Je me suis souvent demandé combien de fois je me suis accroché à la barre. Combien y a-t-il de dégagés et de pas de bourrée dans la vie d'un danseur ? Je sais, le vocabulaire de la danse est cocasse. Tiens tu en veux un autre ? Tombé-piqué ! Enfin tout ça pour dire que je travaille dans l'idée d'inventer l'instant, de réussir à le répéter, puis de le modeler. (Nicolas)

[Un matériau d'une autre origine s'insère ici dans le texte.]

(* Let $N\in\mathbb{N}$. Let $$\mathcal{B}'(N)=\{(q_1',q_2')\in\mathbb{Z}^2 \mid q_1'+q_2' \text{ is even and } 2q_1'^2+2q_2'^2-2q_1'-q_2'=N\},$$ let $\mathcal{U}(8N+5)=\{(x,y)\in\mathbb{Z}^2\mid x^2+y^2=8N+5\}$, and let $\varphi:\mathcal{B}'(N)\to\mathcal{U}(8N+5)$ be the (well-defined) map $\varphi(q_1',q_2')=(4q_1'-2,\,4q_2'-1)$. Let the dihedral group $D_8=\langle r,s\mid r^4=s^2=(rs)^2=1\rangle$ act on $\mathcal{U}(8N+5)$ by $r(x,y)=(-y,x)$ and $s(x,y)=(y,x)$. Then: (1) the action of $D_8$ on $\mathcal{U}(8N+5)$ is free; (2) the image $\varphi(\mathcal{B}'(N))$ is a complete set of representatives of the $D_8$-orbits of $\mathcal{U}(8N+5)$.
   Context: The set $\mathcal{B}'(N)$ is the image, under the isometry $u$ of $\mathbb{R}^2$ with matrix $\frac{1}{\sqrt2}\begin{pmatrix}1&1\\1&-1\end{pmatrix}$, of the set of elements of the lattice $M=\sqrt2\mathbb{Z}\varepsilon_1\oplus\sqrt2\mathbb{Z}\varepsilon_2$ of type $C_2^{(1)}$ with $\Lambda_0$-atomic length $N$ (equivalently, affine Grassmannian elements of type $C_2^{(1)}$, in bijection with self-conjugate $4$-cores of size $N$); the defining quadratic expression is that atomic length written in the coordinates $(q_1',q_2')$. *)

From Stdlib Require Import ZArith Lia.
Open Scope Z_scope.

Definition inB' (N : Z) (q : Z * Z) : Prop :=
  Z.Even (fst q + snd q) /\
  2 * fst q ^ 2 + 2 * snd q ^ 2 - 2 * fst q - snd q = N.

Definition inU (m : Z) (u : Z * Z) : Prop := fst u ^ 2 + snd u ^ 2 = m.

Definition phi (q : Z * Z) : Z * Z := (4 * fst q - 2, 4 * snd q - 1).

Definition rot (u : Z * Z) : Z * Z := (- snd u, fst u).
Definition swp (u : Z * Z) : Z * Z := (snd u, fst u).

(* The eight elements of D_8 = <r, s | r^4 = s^2 = (rs)^2 = 1>,
   written in normal form r^k s^e with 0 <= k < 4, e in {0,1}. *)
Inductive rpow := R0 | R1 | R2 | R3.
Definition D8 := (rpow * bool)%type.
Definition D8_one : D8 := (R0, false).

Definition rpow_nat (k : rpow) : nat :=
  match k with R0 => 0 | R1 => 1 | R2 => 2 | R3 => 3 end.

Definition act (g : D8) (u : Z * Z) : Z * Z :=
  Nat.iter (rpow_nat (fst g)) rot (if snd g then swp u else u).

Definition same_orbit (u v : Z * Z) : Prop := exists g : D8, act g u = v.

(* Squares are 0, 1 or 4 mod 8, so a point of U(8N+5) has one coordinate congruent
   to 2 mod 4 and the other odd.  Hence no coordinate vanishes and |x| <> |y|, which
   makes the action free, and the orbit of a point consists of the sign changes of
   the point and of its swap.  Exactly one of these is "reduced" (first coordinate
   2 mod 4, coordinate sum 5 mod 8), and the reduced points are precisely phi(B'(N))
   since 4(q1+q2) - 3 = 5 mod 8 iff q1 + q2 is even. *)
From Stdlib Require Import ZArith Lia.
Open Scope Z_scope.

Definition reduced (u : Z * Z) : Prop :=
  fst u mod 4 = 2 /\ (fst u + snd u) mod 8 = 5.

Lemma inU_phi (n : Z) (q : Z * Z) :
  inU (8 * n + 5) (phi q) <-> 2 * fst q ^ 2 + 2 * snd q ^ 2 - 2 * fst q - snd q = n.
Proof.
  destruct q as [a b]; unfold inU, phi; cbn [fst snd].
  assert (E : (4 * a - 2) ^ 2 + (4 * b - 1) ^ 2
              = 8 * (2 * a ^ 2 + 2 * b ^ 2 - 2 * a - b) + 5) by ring.
  rewrite E; lia.
Qed.

Lemma reduced_phi (q : Z * Z) : Z.Even (fst q + snd q) -> reduced (phi q).
Proof.
  destruct q as [a b]; intros [k Hk]; unfold reduced, phi; cbn [fst snd] in *.
  Z.to_euclidean_division_equations; lia.
Qed.

Lemma reduced_phi_surj (u : Z * Z) :
  reduced u -> exists q, Z.Even (fst q + snd q) /\ phi q = u.
Proof.
  destruct u as [x y]; unfold reduced; cbn [fst snd]; intros [Hx Hxy].
  exists ((x + 2) / 4, (y + 1) / 4); cbn [fst snd]; split.
  - exists ((x + y + 3) / 8); Z.to_euclidean_division_equations; lia.
  - unfold phi; cbn [fst snd]; f_equal; Z.to_euclidean_division_equations; lia.
Qed.

Lemma Z_mod4_cases (x : Z) :
  exists i, x = 4 * i \/ x = 4 * i + 1 \/ x = 4 * i + 2 \/ x = 4 * i + 3.
Proof. exists (x / 4); Z.to_euclidean_division_equations; lia. Qed.

Lemma sum_two_squares_8n5 (x y n : Z) :
  x ^ 2 + y ^ 2 = 8 * n + 5 ->
  (x mod 4 = 2 /\ y mod 2 = 1) \/ (x mod 2 = 1 /\ y mod 4 = 2).
Proof.
  destruct (Z_mod4_cases x) as [i Hx], (Z_mod4_cases y) as [j Hy].
  intros H; destruct Hx as [-> | [-> | [-> | ->]]], Hy as [-> | [-> | [-> | ->]]];
    first [ left; split; Z.to_euclidean_division_equations; lia
          | right; split; Z.to_euclidean_division_equations; lia
          | exfalso; nia ].
Qed.

Ltac simpl_act := cbv [act Nat.iter nat_rect rpow_nat fst snd rot swp].

Lemma act_fixed_axis_or_diagonal (g : D8) (x y : Z) :
  act g (x, y) = (x, y) -> g = D8_one \/ x = 0 \/ y = 0 \/ x = y \/ x = - y.
Proof.
  unfold D8_one; destruct g as [[| | |] []]; simpl_act; intros Hg;
    [| left; reflexivity |..]; injection Hg; lia.
Qed.

Lemma act_free_8n5 (n : Z) (g : D8) (u : Z * Z) :
  inU (8 * n + 5) u -> act g u = u -> g = D8_one.
Proof.
  destruct u as [x y]; unfold inU; cbn [fst snd]; intros Hu Hg.
  destruct (act_fixed_axis_or_diagonal g x y Hg) as [-> | Hxy]; [reflexivity |].
  exfalso; destruct (sum_two_squares_8n5 x y n Hu);
    Z.to_euclidean_division_equations; lia.
Qed.

Lemma inU_act (m : Z) (g : D8) (u : Z * Z) : inU m u -> inU m (act g u).
Proof. destruct u as [x y], g as [[| | |] []]; unfold inU; simpl_act; lia. Qed.

Lemma same_orbit_abs (x y a b : Z) :
  Z.abs a = Z.abs x -> Z.abs b = Z.abs y ->
  same_orbit (x, y) (a, b) /\ same_orbit (y, x) (a, b).
Proof.
  intros [-> | ->]%Z.abs_eq_cases [-> | ->]%Z.abs_eq_cases.
  - split; [exists (R0, false) | exists (R0, true)]; simpl_act; f_equal; lia.
  - split; [exists (R3, true) | exists (R3, false)]; simpl_act; f_equal; lia.
  - split; [exists (R1, true) | exists (R1, false)]; simpl_act; f_equal; lia.
  - split; [exists (R2, false) | exists (R2, true)]; simpl_act; f_equal; lia.
Qed.

Lemma reduced_sign_change (x y : Z) :
  x mod 4 = 2 -> y mod 2 = 1 ->
  exists a b, Z.abs a = Z.abs x /\ Z.abs b = Z.abs y /\ reduced (a, b).
Proof.
  intros Hx Hy; unfold reduced; cbn [fst snd].
  assert (Hsum : (x + y) mod 8 = 5 \/ (x - y) mod 8 = 5 \/
                 (- x + y) mod 8 = 5 \/ (- x - y) mod 8 = 5)
    by (Z.to_euclidean_division_equations; lia).
  destruct Hsum as [H | [H | [H | H]]];
    [exists x, y | exists x, (- y) | exists (- x), y | exists (- x), (- y)];
    (split; [| split; [| split]]); Z.to_euclidean_division_equations; lia.
Qed.

Lemma exists_reduced_in_orbit (n : Z) (u : Z * Z) :
  inU (8 * n + 5) u -> exists v, reduced v /\ same_orbit u v.
Proof.
  destruct u as [x y]; unfold inU; cbn [fst snd]; intros Hu.
  destruct (sum_two_squares_8n5 x y n Hu) as [[Hx Hy] | [Hx Hy]].
  - destruct (reduced_sign_change x y Hx Hy) as (a & b & Ha & Hb & Hab).
    exists (a, b); split; [exact Hab | exact (proj1 (same_orbit_abs x y a b Ha Hb))].
  - destruct (reduced_sign_change y x Hy Hx) as (a & b & Ha & Hb & Hab).
    exists (a, b); split; [exact Hab | exact (proj2 (same_orbit_abs y x a b Ha Hb))].
Qed.

Lemma reduced_act (g : D8) (u : Z * Z) : reduced u -> reduced (act g u) -> act g u = u.
Proof.
  destruct u as [x y], g as [[| | |] []]; unfold reduced; simpl_act; intros Hu Hg;
    try reflexivity; exfalso; Z.to_euclidean_division_equations; lia.
Qed.

Theorem theorem8p8 (N : nat) :
  let M := 8 * Z.of_nat N + 5 in
  (* phi is well defined: B'(N) -> U(8N+5) *)
  (forall q, inB' (Z.of_nat N) q -> inU M (phi q)) /\
  (* (1) the action of D_8 on U(8N+5) is free *)
  (forall (g : D8) (u : Z * Z), inU M u -> act g u = u -> g = D8_one) /\
  (* (2) phi(B'(N)) is a complete set of representatives of the orbits *)
  (forall u, inU M u -> exists q, inB' (Z.of_nat N) q /\ same_orbit u (phi q)) /\
  (forall q1 q2, inB' (Z.of_nat N) q1 -> inB' (Z.of_nat N) q2 ->
     same_orbit (phi q1) (phi q2) -> phi q1 = phi q2).
Proof.
  intros M; subst M; generalize (Z.of_nat N) as n; intros n.
  split; [| split; [| split]].
  - intros q [_ Hq]; apply inU_phi; exact Hq.
  - apply act_free_8n5.
  - intros u Hu.
    destruct (exists_reduced_in_orbit n u Hu) as (v & Hv & g & Hgv).
    destruct (reduced_phi_surj v Hv) as (q & Heven & <-).
    exists q; split; [| exists g; exact Hgv].
    split; [exact Heven | apply inU_phi; rewrite <- Hgv; apply inU_act, Hu].
  - intros q1 q2 [Heven1 _] [Heven2 _] [g Hg].
    rewrite <- Hg; symmetry; apply reduced_act.
    + apply reduced_phi, Heven1.
    + rewrite Hg; apply reduced_phi, Heven2.
Qed.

Un foyer. Jérémie créait un solo pour Nicolas. Ils répétaient dans le foyer, là où les danseurs se reposent, transpirent, soupirent, sourient ou pleurent - avant, pendant et après le spectacle - le recueil des états d'âme. Je me suis absentée un court instant. Plus tard, j'ai découvert les deux lascars sur mes planches-contacts. Ils avaient fait cette image à bout de bras, une extension vers l'ironie. Deux copains en liberté, facétieux comme des mômes.
Le messager des dieux. C'est celui qui a des ailes aux talons. Depuis que je sais que Nicolas vole, j'ai toujours des scrupules à recueillir ses chaussons... À m'approprier cette magie-là. Je les regarde à distance, ils demeurent inertes et fascinants, des carcasses écorchées, vidées de leur substance. Ils ont vécu. Du jeune homme à Caligula, c'est toujours la même histoire : envol et gravité.

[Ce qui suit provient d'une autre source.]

(* Let $Q:(-\infty,-1)\to(-\infty,0)$ be the inverse of the strictly increasing function $G\mapsto G-e^G$ on $(-\infty,0)$, and define $R:\mathbb{R}\to\mathbb{R}$ by $R(V)=-2(1-e^{Q(V)})^2$ for $V<-1$ and $R(V)=4(V+1)$ for $V\ge -1$. Then, up to translations $s\mapsto s+s_0$, the two-point boundary value problem $$V''-3V'=R(V),\ s\in(-\infty,\infty),\qquad V(-\infty)=-1,\quad V(\infty)=-\infty$$ has a unique solution; that is, if $V_1,V_2$ are two solutions, there exists $s_0\in\mathbb{R}$ with $V_1(s)=V_2(s+s_0)$ for all $s$.
   Context: Here prime denotes $d/ds$, and $V(-\infty)$, $V(\infty)$ denote the limits as $s\to-\infty$, $s\to\infty$. *)

From Stdlib Require Import Reals Lra ClassicalEpsilon.
From Coquelicot Require Import Coquelicot.
Open Scope R_scope.

(* Q : (-oo,-1) -> (-oo,0), inverse of G |-> G - exp G on (-oo,0).
   For V < -1 there is a unique such G; outside (-oo,-1) the value is
   irrelevant (Q is only used for V < -1). *)
Definition Q (V : R) : R :=
  epsilon (inhabits 0) (fun G => G < 0 /\ G - exp G = V).

(* The right-hand side R(V) of the paper (named Rfun to avoid clashing with the type R). *)
Definition Rfun (V : R) : R :=
  if Rlt_dec V (-1) then -2 * (1 - exp (Q V)) ^ 2 else 4 * (V + 1).

Definition is_bvp_solution (V : R -> R) : Prop :=
  (forall s, ex_derive V s /\ ex_derive (Derive V) s /\
     Derive_n V 2 s - 3 * Derive V s = Rfun (V s)) /\
  is_lim V m_infty (-1) /\
  is_lim V p_infty m_infty.

From Stdlib Require Import Reals Lra Lia ClassicalEpsilon Ranalysis5.
From Coquelicot Require Import Coquelicot.
Open Scope R_scope.

(* Put [u = -1 - V], so that the equation reads [u'' - 3 u' = force u] with
   [0 < force u <= 4 u] for [u > 0].  The decaying trajectories of the phase plane form a single
   curve [u' = qstar u], where [qstar qstar' = 3 qstar + force] and [qstar 0 = 0]; writing
   [qstar u = u * rho u], the function [rho] is the fixed point of a [4/9]-contraction on
   continuous functions with values in [[3, 13/3]].  Integrating [du / qstar u = ds] yields a
   solution.  Conversely, a solution stays below [-1]: at a maximum above [-1] we would have
   [V'' = 4 (V + 1) > 0], and the level [-1] cannot be reached by local uniqueness at the
   equilibrium.  Its defect [F = u' - qstar u] satisfies [F' = - (force u / qstar u) F], so [F^2]
   is nonincreasing; as [u] and [u'] vanish at [-oo], [F = 0], and [V] is a time shift of the
   constructed solution. *)

(** * Calculus on the real line *)

Lemma continuity_pt_of_is_derive (f : R -> R) x l : is_derive f x l -> continuity_pt f x.
Proof.
  intro Hf. apply continuity_pt_filterlim.
  apply (@ex_derive_continuous R_AbsRing R_NormedModule). now exists l.
Qed.

Lemma continuity_pt_eps (f : R -> R) x :
  continuity_pt f x <->
  forall eps, 0 < eps -> exists d, 0 < d /\ forall y, Rabs (y - x) < d -> Rabs (f y - f x) < eps.
Proof.
  split.
  - intros Hf eps Heps. destruct (Hf eps Heps) as [d [Hd Hfd]]. exists d. split; [exact Hd|].
    intros y Hy. destruct (Req_dec y x) as [->|Hyx].
    + rewrite Rminus_eq_0, Rabs_R0. exact Heps.
    + apply Hfd. now repeat split.
  - intros Hf eps Heps. destruct (Hf eps Heps) as [d [Hd Hfd]]. exists d. split; [exact Hd|].
    intros y [_ Hy]. exact (Hfd y Hy).
Qed.

Lemma locally_of_Rabs_lt (P : R -> Prop) (x d : R) : 0 < d ->
  (forall y, Rabs (y - x) < d -> P y) -> locally x P.
Proof. intros Hd HP. exists (mkposreal d Hd). exact HP. Qed.

Lemma MVT_is_derive (f df : R -> R) a b : a <= b ->
  (forall x, a <= x <= b -> is_derive f x (df x)) ->
  exists c, a <= c <= b /\ f b - f a = df c * (b - a).
Proof.
  intros Hab Hf.
  destruct (MVT_gen f a b df) as [c [Hc Hfc]]; rewrite ?Rmin_left, ?Rmax_right in * by lra.
  - intros x Hx. apply Hf. lra.
  - intros x Hx. apply (continuity_pt_of_is_derive f x (df x)), Hf, Hx.
  - now exists c.
Qed.

Lemma is_derive_nonneg_le (f df : R -> R) a b : a <= b ->
  (forall x, a <= x <= b -> is_derive f x (df x)) ->
  (forall x, a <= x <= b -> 0 <= df x) -> f a <= f b.
Proof.
  intros Hab Hf Hdf. destruct (MVT_is_derive f df a b Hab Hf) as [c [Hc Hfc]].
  pose proof (Hdf c Hc). nra.
Qed.

Lemma is_derive_pos_lt (f df : R -> R) a b : a < b ->
  (forall x, a <= x <= b -> is_derive f x (df x)) ->
  (forall x, a <= x <= b -> 0 < df x) -> f a < f b.
Proof.
  intros Hab Hf Hdf. destruct (MVT_is_derive f df a b (Rlt_le _ _ Hab) Hf) as [c [Hc Hfc]].
  pose proof (Hdf c Hc). nra.
Qed.

Lemma is_derive_0_eq (f : R -> R) : (forall x, is_derive f x 0) -> forall a b, f a = f b.
Proof.
  intros Hf.
  assert (Hle : forall a b, a <= b -> f a = f b).
  { intros a b Hab. destruct (MVT_is_derive f (fun _ => 0) a b Hab (fun x _ => Hf x)) as [c [_ Hc]].
    lra. }
  intros a b. destruct (Rle_or_lt a b); [auto| symmetry; apply Hle; lra].
Qed.
Lemma not_gt0_of_single_zero {G : R -> R} {a b : R} :
  {within `[a, b], continuous G} -> G a < 0 -> G b < 0 ->
  (forall u v, a <= u <= b -> a <= v <= b -> G u = 0 -> G v = 0 -> u = v) ->
  forall h, a <= h <= b -> ~ 0 < G h.
Proof.
move=> cG Ga Gb zero_uniq h hab Gh.
have sub u v : a <= u -> v <= b -> {within `[u, v], continuous G}.
  move=> au vb; apply: continuous_subspaceW cG => w /=; rewrite !in_itv /=; lra.
have [z1 z1ah Gz1] : exists2 z, a <= z <= h & G z = 0.
  by apply: IVT_mul_le0 => //; [lra | apply: sub; lra | nra].
have [z2 z2hb Gz2] : exists2 z, h <= z <= b & G z = 0.
  by apply: IVT_mul_le0 => //; [lra | apply: sub; lra | nra].
have z12 : z1 = z2 by apply: zero_uniq => //; lra.
have [z1h|z1h] := eqVneq z1 h; first by move: Gz1; rewrite z1h; lra.
by move: z1h z2hb; rewrite z12 => /eqP; lra.
Qed.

"Pas parler, faire", c'est Rudolf Noureev qui disait toujours ça. Et si j'avais choisi de m'exprimer au travers de la danse plutôt qu'avec des mots ? Par sincérité, par nature. Alors ce serait ça ma vérité : danser est ma nature. (Nicolas)
Photographier le mouvement n'a aucun sens. Parce que le geste s'étend dans le temps, alors que l'image fige l'instant. Ça revient à poursuivre une chimère, ou un danseur. (Anne)
Dans le studio, quand nous étions deux, nous étions seul.